Module manager: Dr Arash Rabbani
Email: A.Rabbani@leeds.ac.uk
Taught: 1 Mar to 30 Apr, 1 Mar to 30 Apr (2mth)(adv yr), 1 Sep to 31 Oct, 1 Sep to 31 Oct (adv yr) View Timetable
Year running 2026/27
None
N/A
This module is not approved as an Elective
This module explores deep learning techniques for computer vision, focusing on how neural networks interpret, represent, and generate visual information. It examines architectures and algorithms that enable tasks such as image classification, object detection, segmentation, and visual synthesis. Students learn how advances in convolutional and transformer-based models underpin modern vision systems and gain practical experience in developing, training, and evaluating models that extract meaningful structure and semantics from visual data.

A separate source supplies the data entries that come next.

(* (1) For $n\ge1$, the primary theta-seed $\Delta_1(\boldsymbol{\theta}_n)$ lies in $T_n$. (2) For $n\ge 3$, the secondary theta-seed $\Delta_2(\boldsymbol{\theta}_n)$ lies in $T_n$.
   Context: Let $\mathbb{Q}[\boldsymbol{\theta}_n,\boldsymbol{\xi}_n,\boldsymbol{\rho}_n]$ be the $\mathbb{Q}$-algebra generated by $3n$ pairwise anticommuting variables $\theta_i,\xi_i,\rho_i$ ($1\le i\le n$), with $\mathfrak{S}_n$ acting by permuting indices simultaneously in all three sets. For any of these variables $\alpha_j$, the derivative is defined on monomials by $\partial_{\alpha_j}(\alpha_{i_1}\cdots\alpha_{i_k}) = (-1)^{\ell-1}\alpha_{i_1}\cdots\widehat{\alpha_{i_\ell}}\cdots\alpha_{i_k}$ if the variable $\alpha_j$ equals the $\ell$-th factor, and $0$ if it does not occur, extended linearly. The space of triagonal fermionic harmonics is $T_n:=\{f : \sum_{i=1}^n\partial_{\theta_i}^h\partial_{\xi_i}^k\partial_{\rho_i}^\ell f=0 \text{ for all } h,k,\ell\ge0,\ h+k+\ell>0\}$. Define $\Delta_1(\boldsymbol{\theta}_n):=\sum_{\sigma\in\mathfrak{S}_n}\mathrm{sgn}(\sigma)\sigma(\theta_1\theta_2\cdots\theta_{n-1})$ and, for $n\ge3$, $\Delta_2(\boldsymbol{\theta}_n):=\sum_{\sigma\in\mathfrak{S}_n}\mathrm{sgn}(\sigma)\sigma\bigl((\theta_1\xi_2\rho_2+\theta_2\xi_1\rho_2+\theta_2\xi_2\rho_1)\theta_3\theta_4\cdots\theta_{n-1}\bigr)$, where empty products of $\theta$'s are $1$. *)

From HB Require Import structures.
From mathcomp Require Import all_boot all_order all_algebra all_fingroup.
Set Implicit Arguments. Unset Strict Implicit. Unset Printing Implicit Defensive.
Import GRing.Theory.
Local Open Scope ring_scope.

(* The exterior algebra Q[theta_n, xi_n, rho_n] on 3n anticommuting generators.
   A generator is a pair (c, i) : 'I_3 * 'I_n, with kind c = 0 (theta),
   1 (xi), 2 (rho), and index i (0-based: paper's index i+1).
   An element is a rational-coefficient combination of the basis monomials
   e_S (S a set of generators), e_S = product of the elements of S written in
   increasing order w.r.t. the enumeration order of the finType [var n]. *)

Definition var (n : nat) := ('I_3 * 'I_n)%type.
Definition ext (n : nat) := {ffun {set var n} -> rat^o}.
(* Let $\mathbb{C}$ be a pointed protomodular category, let $S$ and $T$ be objects of $\mathbb{C}$, and let $X=S\times T$. If $X$ is proto-complete (respectively complete, complete${}^*$, strong-complete), then so are both $S$ and $T$.
   Context: A pointed category with finite limits is protomodular if the split short five lemma holds. A normal monomorphism is a kernel of some morphism; a protosplit monomorphism is a kernel of a split epimorphism; a monomorphism $m:S\to Y$ is Bourn-normal if there is an equivalence relation $(R,r_1,r_2)$ on $Y$ and $\tilde m:S\times S\to R$ with $r_1\tilde m=m\pi_1$, $r_2\tilde m=m\pi_2$ and the square $r_1\tilde m=m\pi_1$ a pullback. An object $X$ is proto-complete if every protosplit monomorphism with domain $X$ is a split monomorphism; complete if every normal monomorphism with domain $X$ is a split monomorphism; complete${}^*$ if every Bourn-normal monomorphism with domain $X$ is a split monomorphism; strong-complete if every protosplit monomorphism with domain $X$ is a split monomorphism with a unique retraction. *)

Set Implicit Arguments.
Unset Strict Implicit.

Record Category := {
  Ob :> Type;
  Hom : Ob -> Ob -> Type;
  comp : forall {A B C : Ob}, Hom B C -> Hom A B -> Hom A C;
  idm : forall A : Ob, Hom A A;
  comp_assoc : forall (A B C D : Ob) (f : Hom C D) (g : Hom B C) (h : Hom A B),
      comp f (comp g h) = comp (comp f g) h;
  comp_id_l : forall (A B : Ob) (f : Hom A B), comp (idm B) f = f;
  comp_id_r : forall (A B : Ob) (f : Hom A B), comp f (idm A) = f
}.

Arguments Hom {c} _ _.
Arguments comp {c A B C} _ _.
Arguments idm {c} _.

Notation "g \o f" := (comp g f) (at level 40, left associativity).

Section Notions.
Context {C : Category}.

Definition is_iso {A B : C} (f : Hom A B) : Prop :=
  exists g : Hom B A, g \o f = idm A /\ f \o g = idm B.

Definition is_mono {A B : C} (m : Hom A B) : Prop :=
  forall (Z : C) (x y : Hom Z A), m \o x = m \o y -> x = y.

Definition split_mono {A B : C} (m : Hom A B) : Prop :=
  exists r : Hom B A, r \o m = idm A.

Definition split_mono_unique_retraction {A B : C} (m : Hom A B) : Prop :=
  exists! r : Hom B A, r \o m = idm A.

Definition split_epi {A B : C} (p : Hom A B) : Prop :=
  exists s : Hom B A, p \o s = idm B.

Definition is_zero_object (z : C) : Prop :=
  (forall A : C, exists! f : Hom z A, True) /\
  (forall A : C, exists! f : Hom A z, True).

Definition pointed : Prop := exists z : C, is_zero_object z.

Definition zero_mor {A B : C} (f : Hom A B) : Prop :=
  exists (z : C) (g : Hom A z) (h : Hom z B), is_zero_object z /\ f = h \o g.

Definition is_kernel {K A B : C} (k : Hom K A) (f : Hom A B) : Prop :=
  zero_mor (f \o k) /\
  forall (Z : C) (x : Hom Z A), zero_mor (f \o x) ->
    exists! y : Hom Z K, k \o y = x.

Definition is_product {P S T : C} (p1 : Hom P S) (p2 : Hom P T) : Prop :=
  forall (Z : C) (a : Hom Z S) (b : Hom Z T),
    exists! h : Hom Z P, p1 \o h = a /\ p2 \o h = b.

Definition is_pullback {P A B D : C} (p1 : Hom P A) (p2 : Hom P B)
    (f : Hom A D) (g : Hom B D) : Prop :=
  f \o p1 = g \o p2 /\
  forall (Z : C) (a : Hom Z A) (b : Hom Z B), f \o a = g \o b ->
    exists! h : Hom Z P, p1 \o h = a /\ p2 \o h = b.

Definition is_terminal (t : C) : Prop := forall A : C, exists! f : Hom A t, True.

Definition has_finite_limits : Prop :=
  (exists t : C, is_terminal t) /\
  (forall (A B D : C) (f : Hom A D) (g : Hom B D),
      exists (P : C) (p1 : Hom P A) (p2 : Hom P B), is_pullback p1 p2 f g).

(* Pointed protomodular: the split short five lemma holds. *)
Definition protomodular : Prop :=
  forall (K A B K' A' B' : C)
         (k : Hom K A) (p : Hom A B) (s : Hom B A)
         (k' : Hom K' A') (p' : Hom A' B') (s' : Hom B' A')
         (u : Hom K K') (v : Hom A A') (w : Hom B B'),
    p \o s = idm B -> is_kernel k p ->
    p' \o s' = idm B' -> is_kernel k' p' ->
    v \o k = k' \o u -> p' \o v = w \o p -> v \o s = s' \o w ->
    is_iso u -> is_iso w -> is_iso v.
Lemma nderiv_lincomb k u w g h c : is_nderiv k u g -> is_nderiv k w h ->
  is_nderiv k (fun t => u t + c * w t) (fun t => g t + c * h t).
Proof.
  revert u w g h; induction k as [|k IH]; simpl; intros u w g h H1 H2.
  - intro y; rewrite H1, H2; reflexivity.
  - destruct H1 as [u1 [D1 N1]], H2 as [w1 [D2 N2]].
    exists (fun t => u1 t + c * w1 t); split; [|apply IH; assumption].
    intro y; exact (derivable_pt_lim_plus _ _ y _ _ (D1 y) (derivable_pt_lim_scal _ c y _ (D2 y))).
Qed.

Section Caputo.

Variables (mu : R) (k : nat).

Lemma caputo_unique u x v1 v2 : -1 < x -> caputo mu k u x v1 -> caputo mu k u x v2 -> v1 = v2.
Proof.
  intros Hx [g1 [N1 F1]] [g2 [N2 F2]].
  rewrite (nderiv_unique _ _ _ _ N1 N2) in F1.
  exact (frac_int_unique _ _ _ _ _ Hx F1 F2).
Qed.

Lemma caputo_ext u w x v : (forall t, u t = w t) -> caputo mu k u x v -> caputo mu k w x v.
Proof. intros E; replace w with u by (apply functional_extensionality; exact E); auto. Qed.

Lemma caputo_lincomb u w x v1 v2 c : caputo mu k u x v1 -> caputo mu k w x v2 ->
  caputo mu k (fun t => u t + c * w t) x (v1 + c * v2).
Proof.
  intros [g1 [N1 F1]] [g2 [N2 F2]].
  exists (fun t => g1 t + c * g2 t); split;
    [apply nderiv_lincomb | apply frac_int_lincomb]; assumption.
Qed.

Lemma caputo_scal u x v c : caputo mu k u x v -> caputo mu k (fun t => c * u t) x (c * v).
Proof.
  intros H; pose proof (caputo_lincomb _ _ _ _ _ (c - 1) H H) as Hc.
  replace (c * v) with (v + (c - 1) * v) by ring.
  apply (caputo_ext (fun t => u t + (c - 1) * u t)); [intros; ring | exact Hc].
Qed.

Lemma caputo_sum x n (h : nat -> R -> R) (c v : nat -> R) :
  (forall l, (l <= n)%nat -> caputo mu k (h l) x (v l)) ->
  caputo mu k (fun t => sum_f_R0 (fun l => c l * h l t) n) x (sum_f_R0 (fun l => c l * v l) n).
Proof.
  induction n as [|n IH]; intros H; [apply caputo_scal, H; lia|].
  replace (sum_f_R0 (fun l => c l * v l) (S n))
    with (sum_f_R0 (fun l => c l * v l) n + 1 * (c (S n) * v (S n))) by (simpl; ring).
  apply (caputo_ext (fun t => sum_f_R0 (fun l => c l * h l t) n + 1 * (c (S n) * h (S n) t)));
    [intros; simpl; ring|].
  apply caputo_lincomb; [apply IH; intros; apply H; lia | apply caputo_scal, H; lia].
Qed.

End Caputo.

Module SquareInverse.
Import all_boot all_algebra Rstruct GRing.Theory.
Local Open Scope ring_scope.

Lemma sum_f_R0_big (F : nat -> R) n : sum_f_R0 F n = \sum_(l < n.+1) F l.
Proof. by elim: n => [|n IH]; rewrite ?big_ord1 // big_ord_recr /= -IH. Qed.

Lemma kdelta_natr i j : kdelta i j = (i == j)%:R.
Proof. by rewrite /kdelta; case: Nat.eq_dec => [->|ne]; rewrite ?eqxx //; case: eqP. Qed.
(* For every Halin graph $H$, $AT(H)\le 4$.
   Context: All graphs are finite and simple. A Halin graph $H=T\cup C_n$ is a plane graph obtained from a plane tree $T$ having no vertex of degree two and at least one vertex of degree at least three, by adding a cycle $C_n$ that connects all the leaves of $T$ in the cyclic order determined by the planar drawing of $T$. For a digraph $D$, an Eulerian subdigraph is a spanning subdigraph (a subset of the arcs, possibly empty) in which every vertex has indegree equal to outdegree; it is even or odd according to the parity of its number of arcs. The Alon–Tarsi number $AT(G)$ is the smallest integer $k$ such that $G$ has an orientation $D$ with maximum outdegree at most $k-1$ for which the numbers of even and odd Eulerian subdigraphs of $D$ differ. *)

From mathcomp Require Import all_boot.
Set Implicit Arguments. Unset Strict Implicit. Unset Printing Implicit Defensive.

(* Graphs: a relation e on a finType V (simple graph = symmetric, irreflexive). *)

Definition deg (V : finType) (t : rel V) (v : V) : nat := #|[set u | t v u]|.

Definition leaf (V : finType) (t : rel V) (v : V) : bool := deg t v == 1.

(* t is a tree on all of V: symmetric, irreflexive, connected, and with
   exactly #|V| - 1 edges (each edge counted as two ordered pairs). *)
Definition is_tree (V : finType) (t : rel V) : Prop :=
  [/\ symmetric t, irreflexive t,
      (forall x y, connect t x y) &
      #|[set p : V * V | t p.1 p.2]| = 2 * (#|V| - 1)].

(* A rotation system of t (= a plane embedding of the tree t):
   for each vertex v, rot v is a cyclic permutation of the neighbourhood of v. *)
Definition is_rotation (V : finType) (t : rel V) (rot : V -> V -> V) : Prop :=
  forall v, (forall u, t v u -> t v (rot v u)) /\
            (forall u w, t v u -> t v w -> exists k, iter k (rot v) u = w).

Definition face_next (V : finType) (rot : V -> V -> V) (d : V * V) : V * V :=
  (d.2, rot d.2 d.1).

(* l' is the leaf following the leaf l in the cyclic order of leaves determined
   by the plane tree (t, rot): walking around the boundary of the unique face
   starting from the dart leaving l, l' is the first leaf reached. *)
Definition next_leaf (V : finType) (t : rel V) (rot : V -> V -> V) (l l' : V) : Prop :=
  [/\ leaf t l, leaf t l' &
      exists y k, [/\ t l y,
        (iter k (face_next rot) (l, y)).2 = l' &
        forall j, j < k -> ~~ leaf t (iter j (face_next rot) (l, y)).2]].

(* e is (the edge relation of) a Halin graph T \cup C: T a plane tree with no
   vertex of degree 2 and some vertex of degree >= 3, C the cycle through the
   leaves of T in the cyclic order given by the plane drawing. *)
Definition is_halin (V : finType) (e : rel V) : Prop :=
  exists (t : rel V) (rot : V -> V -> V),
    [/\ is_tree t, is_rotation t rot,
        (forall v, deg t v != 2),
        (exists v, 3 <= deg t v) &
        forall x y, e x y <-> (t x y \/ next_leaf t rot x y \/ next_leaf t rot y x)].

Definition is_orientation (V : finType) (e : rel V) (D : {set V * V}) : bool :=
  [forall x, forall y, ((x, y) \in D) ==> e x y] &&
  [forall x, forall y, e x y ==> (((x, y) \in D) (+) ((y, x) \in D))].

Definition outdeg (V : finType) (D : {set V * V}) (v : V) : nat :=
  #|[set y | (v, y) \in D]|.
Definition indeg (V : finType) (D : {set V * V}) (v : V) : nat :=
  #|[set y | (y, v) \in D]|.

Definition eulerian (V : finType) (D A : {set V * V}) : bool :=
  (A \subset D) && [forall v, outdeg A v == indeg A v].

Definition n_even_eulerian (V : finType) (D : {set V * V}) : nat :=
  #|[set A : {set V * V} | eulerian D A & ~~ odd #|A|]|.
Definition n_odd_eulerian (V : finType) (D : {set V * V}) : nat :=
  #|[set A : {set V * V} | eulerian D A & odd #|A|]|.

Definition AT_ok (V : finType) (e : rel V) (k : nat) : bool :=
  [exists D : {set V * V},
     [&& is_orientation e D, [forall v, outdeg D v < k] &
         n_even_eulerian D != n_odd_eulerian D]].

(* An acyclic orientation has
   max outdegree <= #|V| - 1 and exactly one (empty, even) Eulerian
   subdigraph, so k = #|V| is always admissible; hence the minimum over
   k <= #|V| + 1 below is the true minimum. *)
Definition AT (V : finType) (e : rel V) : nat :=
  \big[minn/#|V|.+1]_(k < #|V|.+2 | AT_ok e k) k.

From mathcomp Require Import all_boot.
Set Implicit Arguments. Unset Strict Implicit. Unset Printing Implicit Defensive.

(* A Halin graph is 3-degenerate.  Root the tree T anywhere and rank its vertices
   so that every vertex has at most one tree neighbour of smaller rank (its
   parent).  A vertex of T that is not a leaf has only tree neighbours in H, and
   a leaf has at most three neighbours in H: its tree neighbour and its two
   neighbours on the cycle.  Orienting every edge towards its endpoint of smaller
   rank thus gives an acyclic orientation of maximum outdegree at most 3, whose
   only Eulerian subdigraph is the empty (even) one, so AT(H) <= 4.
   The delicate point is that the cycle has no loop: the boundary walk of the
   plane tree starting at a leaf l meets another leaf before returning to l,
   since otherwise a vertex of maximal rank on the walk would be entered and
   left through its parent, which makes it a leaf. *)

Section RootedTree.
Variables (V : finType) (t : rel V).

Lemma connect_exit (s : seq V) x y : x \in s -> y \notin s -> connect t x y ->
  exists a b, [/\ a \in s, b \notin s & t a b].
Proof.
move=> xs ys /connectP [q]; elim: q x xs => [|z q IH] x xs /=.
  by move=> _ yx; move: ys; rewrite yx xs.
case/andP=> txz q_path y_last; have [zs|zs] := boolP (z \in s).
  exact: IH zs q_path y_last.
by exists x, z.
Qed.

Lemma connected_parent_seq r n : symmetric t -> (forall x y, connect t x y) ->
  n < #|V| ->
  exists (s : seq V) (p : V -> V), [/\ uniq s, size s = n.+1, index r s = 0 &
    forall u, u \in s -> u != r -> t u (p u) /\ index (p u) s < index u s].
Proof.
move=> t_sym t_conn; elim: n => [_|n IH lt_nV].
  exists [:: r], id; split=> //=; first by rewrite eqxx.
  by move=> u; rewrite inE => ->.
have [s [p [s_uniq s_size s_r s_parent]]] := IH (ltnW lt_nV).
have [y ys] : exists y, y \notin s.
  apply/existsP; rewrite -negb_forall; apply: contraTN lt_nV => /forallP all_s.
  rewrite -leqNgt -s_size (leq_trans _ (card_size s)) //.
  by apply/subset_leq_card/subsetP => x _.
have rs : r \in s by rewrite -index_mem s_r s_size.
have [x [z [xs zs txz]]] := connect_exit rs ys (t_conn r y).
have index_ext u : u \in s -> index u (rcons s z) = index u s.
  by move=> us; rewrite -cats1 index_cat us.
have index_z : index z (rcons s z) = size s.
  by rewrite -cats1 index_cat (negbTE zs) /= eqxx addn0.
exists (rcons s z), (fun u => if u == z then x else p u); split.
- by rewrite rcons_uniq zs s_uniq.
- by rewrite size_rcons s_size.
- by rewrite index_ext.
move=> u; rewrite mem_rcons inE => /predU1P [->|us] ur.
  by rewrite eqxx t_sym index_z index_ext // index_mem.
have [tup lt_pu] := s_parent u us ur.
have pus : p u \in s by rewrite -index_mem (ltn_trans lt_pu) ?index_mem.
by rewrite ifN ?index_ext //; apply: contraNneq zs => <-.
Qed.

Lemma tree_parent_ranking r : is_tree t -> exists (rk : V -> nat) (p : V -> V),
  [/\ injective rk, rk r = 0 & forall u, u != r -> t u (p u) /\ rk (p u) < rk u].
Proof.
case=> t_sym _ t_conn _.
have [|s [p [s_uniq s_size s_r s_parent]]] :=
  connected_parent_seq (n := #|V|.-1) r t_sym t_conn.
  by rewrite prednK //; apply/card_gt0P; exists r.
have all_s u : u \in s.
  have card_s : #|s| = #|predT : pred V|.
    by rewrite (card_uniqP s_uniq) s_size prednK //; apply/card_gt0P; exists r.
  by rewrite (elimT (subset_cardP card_s) (subset_predT _)).
exists (index^~ s), p; split=> // [u v|u]; last exact: s_parent.
exact: index_inj.
Qed.

(* The #|V| - 1 parent edges, taken in both directions, already give all the
   2 (#|V| - 1) darts of the tree. *)
Lemma tree_edge_parent r (rk : V -> nat) (p : V -> V) : is_tree t -> injective rk ->
    (forall u, u != r -> t u (p u) /\ rk (p u) < rk u) ->
  forall v a, t v a -> rk a < rk v -> a = p v.
Proof.
case=> t_sym _ _ card_edges rk_inj p_parent v a tva lt_av.
pose up := [set (u, p u) | u in [set~ r]].
pose down := [set (p u, u) | u in [set~ r]].
have card_up : #|up| = #|V| - 1.
  by rewrite card_imset ?cardsC1 ?subn1 // => ? ? [].
have card_down : #|down| = #|V| - 1.
  by rewrite card_imset ?cardsC1 ?subn1 // => ? ? [].
have up_down0 : up :&: down = set0.
  apply/setP=> d; rewrite inE in_set0.
  apply/negP=> /andP [/imsetP [u ur ->] /imsetP [w wr [uw puw]]].
  rewrite !inE in ur wr.
  have := (p_parent u ur).2; rewrite puw uw => lt_w_pw.
  by have := ltn_trans lt_w_pw (p_parent w wr).2; rewrite ltnn.
have edges_eq : up :|: down = [set d | t d.1 d.2].
  apply/eqP; rewrite eqEcard cardsU up_down0 cards0 subn0 card_up card_down.
  rewrite card_edges addnn -mul2n leqnn andbT.
  apply/subsetP=> d; rewrite !inE => /orP [] /imsetP [u ur ->] /=; rewrite !inE in ur.
    exact: (p_parent u ur).1.
  by rewrite t_sym (p_parent u ur).1.
have : (v, a) \in up :|: down by rewrite edges_eq inE.
rewrite inE => /orP [] /imsetP [u ur [vu au]]; first by rewrite vu au.
rewrite !inE in ur; move: lt_av; rewrite vu au => lt_u_pu.
by have := ltn_trans lt_u_pu (p_parent u ur).2; rewrite ltnn.
Qed.

Definition lower_nbr_uniq (rk : V -> nat) :=
  forall v a b, t v a -> t v b -> rk a < rk v -> rk b < rk v -> a = b.

Lemma tree_ranking r : is_tree t ->
  exists rk : V -> nat, [/\ injective rk, forall u, rk r <= rk u & lower_nbr_uniq rk].
Proof.
move=> t_tree; have [rk [p [rk_inj rk_r p_parent]]] := tree_parent_ranking r t_tree.
have parent_edge := tree_edge_parent t_tree rk_inj p_parent.
exists rk; split=> // [u|v a b tva tvb lt_av lt_bv]; first by rewrite rk_r.
by rewrite (parent_edge _ _ tva lt_av) (parent_edge _ _ tvb lt_bv).
Qed.

End RootedTree.

Section FaceWalk.
Variables (V : finType) (t : rel V) (rot : V -> V -> V).
Hypotheses (t_tree : is_tree t) (t_rot : is_rotation t rot).

Let t_sym : symmetric t. Proof. by case: t_tree. Qed.
Let t_irr : irreflexive t. Proof. by case: t_tree. Qed.

Lemma leaf_nbr_uniq l a b : leaf t l -> t l a -> t l b -> a = b.
Proof.
move=> /cards1P [x nbr_l] tla tlb.
have : a \in [set u | t l u] by rewrite inE.
have : b \in [set u | t l u] by rewrite inE.
by rewrite nbr_l !inE => /eqP-> /eqP->.
Qed.

Lemma rot_nbr v u : t v u -> t v (rot v u).
Proof. exact: (t_rot v).1. Qed.

Lemma iter_rot_nbr v u n : t v u -> t v (iter n (rot v) u).
Proof. by move=> tvu; elim: n => //= n; apply: rot_nbr. Qed.

Lemma rot_inj v : {in [set u | t v u] &, injective (rot v)}.
Proof.
apply/imset_injP; rewrite eqn_leq subset_leq_card //=; last first.
  by apply/subsetP=> w /imsetP [u]; rewrite !inE => tvu ->; apply: rot_nbr.
apply/subset_leq_card/subsetP=> w; rewrite inE => tvw.
have [k <-] := (t_rot v).2 _ _ (rot_nbr tvw) tvw.
by apply/imsetP; exists (iter k (rot v) w); rewrite ?inE ?iter_rot_nbr // -iterS iterSr.
Qed.

Lemma rot_fixed_leaf v x : t v x -> rot v x = x -> leaf t v.
Proof.
move=> tvx rot_x; apply/cards1P; exists x; apply/setP=> u; rewrite !inE.
apply/idP/eqP=> [tvu|->//]; have [k <-] := (t_rot v).2 _ _ tvx tvu.
by elim: k => //= k ->.
Qed.

Lemma nbr_rank_lt (rk : V -> nat) a b :
  injective rk -> t a b -> rk a <= rk b -> rk a < rk b.
Proof.
move=> rk_inj tab; rewrite leq_eqVlt => /predU1P [/rk_inj eq_ab|//].
by rewrite eq_ab t_irr in tab.
Qed.

Local Notation F := (face_next rot).

Definition dart (d : V * V) := t d.1 d.2.

(* The head [(iter j F d).2] of the j-th dart, as used in [next_leaf], is
   convertible to [face_walk d j.+1]. *)
Definition face_walk d j := (iter j F d).1.

Lemma face_next_dart d : dart d -> dart (F d).
Proof. by rewrite /dart /= t_sym; apply: rot_nbr. Qed.

Lemma iter_face_next_dart k d : dart d -> dart (iter k F d).
Proof. by move=> dd; elim: k => //= k; apply: face_next_dart. Qed.

Lemma face_walk_nbr d j : dart d -> t (face_walk d j) (face_walk d j.+1).
Proof. exact: iter_face_next_dart. Qed.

This module aims to develop a deep understanding of how modern deep learning methods enable machines to perceive and reason about visual information. It builds on core principles of representation learning to explore architectures and techniques that power computer vision systems, including convolutional, transformer-based, generative, and multimodal models that integrate visual data with other information sources. Learning activities combine conceptual explanation, visual demonstrations, guided experiments, and practical implementation exercises to bridge theory and practice. Through progressive exploration of image classification, detection, segmentation, and synthesis, students gain the knowledge and skills to design, train, and critically evaluate vision models for diverse applications, while developing an appreciation of how architectural choices influence visual representation and performance.
On successful completion of the module students will have demonstrated the following learning outcomes relevant to the subject:
1. Explain the principles of deep learning architectures used in computer vision, including convolutional, transformer-based, and generative models.
2. Apply deep learning methods to core computer vision tasks such as image classification, object detection, segmentation, and visual synthesis.
3. Design and implement vision models, selecting suitable architectures, training strategies, and evaluation metrics for different visual applications.
4. Assess how data characteristics, inductive biases, and architectural choices influence the performance and generalisation of vision models.
5. Experiment with multimodal approaches that combine visual data with other modalities to enhance representation and understanding in complex tasks.
On successful completion of the module students will have demonstrated the following skills learning outcomes:
1. Apply analytical and structured problem-solving skills to design, implement, and evaluate computer vision solutions for complex datasets.
2. Demonstrate adaptability and self-directed learning by integrating new tools, techniques, or frameworks to address evolving challenges in computer vision.
3. Communicate technical concepts, workflows, and results effectively to both technical and non-technical audiences using clear documentation and visualisation.
4. Apply integrated problem-solving and systems thinking to design and optimise computer vision solutions.
5. Exercise reflective practice and critical evaluation to assess methods, optimise processes, and continuously improve project outcomes.
Indicative content for this module includes:
- Fundamentals of deep learning for computer vision and visual representation learning
- Convolutional neural networks and architectural variants for image classification and feature extraction
- Object detection, localisation, and semantic/instance segmentation methods
- Transformer-based models and attention mechanisms for visual understanding
- Generative and reconstruction-based approaches, including autoencoders, GANs, and diffusion models for image synthesis
- Multimodal vision-language models such as CLIP and related architectures for cross-modal representation learning
| Delivery type | Number | Length hours | Student hours |
|---|---|---|---|
| Discussion forum | 6 | 1 | 6 |
| WEBINAR | 6 | 1 | 6 |
| Independent online learning hours | 42 | ||
| Private study hours | 96 | ||
| Total Contact hours | 12 | ||
| Total hours (100hr per 10 credits) | 150 | ||
1. Webinar-Based Discussion and Q&A
2. Weekly Practical Exercises
| Assessment type | Notes | % of formal assessment |
|---|---|---|
| Online Assessment | ~20 questions about different scenarios | 20 |
| Coursework | Coursework Project - Technical Report | 80 |
| Total percentage (Assessment Coursework) | 100 | |
This module will be reassessed through a 100% individual assessment in the same format as Assessment 2 (coursework project). The reassessment will involve a practical project that requires students to apply and integrate the knowledge and skills developed across all learning outcomes.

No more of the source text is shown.